- Location: Al-Funduq, Israeli-occupied West Bank
- Date: 6 January 2025
- Target: Israelis
- Attack type: Mass shooting, terrorist attack
- Weapons: AK-style assault rifles
- Deaths: 3
- Injured: 8
- Perpetrator: Hamas and PIJ Al-Qassam Brigades members and a Al-Quds Brigades member in the Jenin Brigades;
- No. of participants: 3

= 2025 al-Funduq shooting =

2025 attack in the West Bank

On 6 January 2025, three Palestinian gunmen carried out a shooting attack on a bus and two cars in al-Funduq, northern West Bank, killing three people and injuring eight others.

== Background ==

The attack is part of the fighting between Israeli forces and Palestinian militants throughout the West Bank, which has escalated since the start of the Gaza war.

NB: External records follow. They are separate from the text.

(* Suppose $d$ is twice differentiable on its domain $\{(\beta,c):c^2<1,\beta<2\sqrt{1-c^2}\}$. Fix $k<2$ and consider the curve $\Gamma_k=\{(\beta,c):0\le c<1,\ \beta=k\sqrt{1-c^2}\}$. Then $d_{cc}$ changes sign at most once along $\Gamma_k$. That is, there do not exist $0\le c_1<c_2<c_3<1$ such that the values $d_{cc}(k\sqrt{1-c_i^2},c_i)$, $i=1,2,3$, are nonzero and alternate in sign.
   Context: Setting: $p>1$, $f\in C^2$ homogeneous of degree $p$ (i.e. $f(\lambda s)=\lambda^pf(s)$ for $\lambda>0$), and $F=\int_0^sf$, taking a positive value somewhere. Definitions: - $I(u)=\int u_{xx}^2-\beta u_x^2+(1-c^2)u^2$ and $K(u)=(p+1)\int F(u)$. - $m(\beta,c)=\inf\{I/K^{2/(p+1)}:u\in H^2,K(u)>0\}$. - $d(\beta,c)=\frac{p-1}{2(p+1)}m(\beta,c)^{(p+1)/(p-1)}$. - $d_{cc}=\partial_c^2d$. *)

From Stdlib Require Import Reals Lra Classical ClassicalEpsilon.
Open Scope R_scope.

(* Improper integral over R of a function that is Riemann integrable on
   every symmetric interval and whose integral stabilises (used only for
   compactly supported continuous integrands). *)
Definition integralR (g : R -> R) (v : R) : Prop :=
  exists R0, forall a, R0 <= a ->
    exists pr : Riemann_integrable g (- a) a, RiemannInt pr = v.

(* u is C^2 with compact support, with first and second derivatives u1, u2.
   This is the dense class C_c^2(R) of H^2(R). *)
Definition admissible (u u1 u2 : R -> R) : Prop :=
  (forall x, derivable_pt_lim u x (u1 x)) /\
  (forall x, derivable_pt_lim u1 x (u2 x)) /\
  continuity u2 /\
  exists Rs, forall x, Rs < Rabs x -> u x = 0.

Definition Ival (beta c : R) (u u1 u2 : R -> R) (v : R) : Prop :=
  integralR (fun x => (u2 x)^2 - beta * (u1 x)^2 + (1 - c^2) * (u x)^2) v.

Definition Kval (p : R) (F : R -> R) (u : R -> R) (v : R) : Prop :=
  integralR (fun x => (p + 1) * F (u x)) v.

Definition quot_set (p : R) (F : R -> R) (beta c : R) (q : R) : Prop :=
  exists u u1 u2 Iv Kv,
    admissible u u1 u2 /\ Ival beta c u u1 u2 Iv /\ Kval p F u Kv /\
    0 < Kv /\ q = Iv / Rpower Kv (2 / (p + 1)).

At the time of the attack, the Jenin Brigades, the umbrella militant formation to which the gunmen belonged, was under attack by the Palestinian Authority (PA). The attack was meant to be a message to the PA– that their siege could not stifle militant reprisals against the Israeli occupation.

== Attack ==
Mohammed Zakarneh (a member of Palestinian Islamic Jihad), Qutaiba al-Shalabi, and Mohammed Nazal (members of Hamas) got out of a white sedan armed with assault rifles and opened fire at close range on a bus and two cars traveling along Highway 55 in Al-Funduq. Three people were killed and eight others were injured, including at least one seriously.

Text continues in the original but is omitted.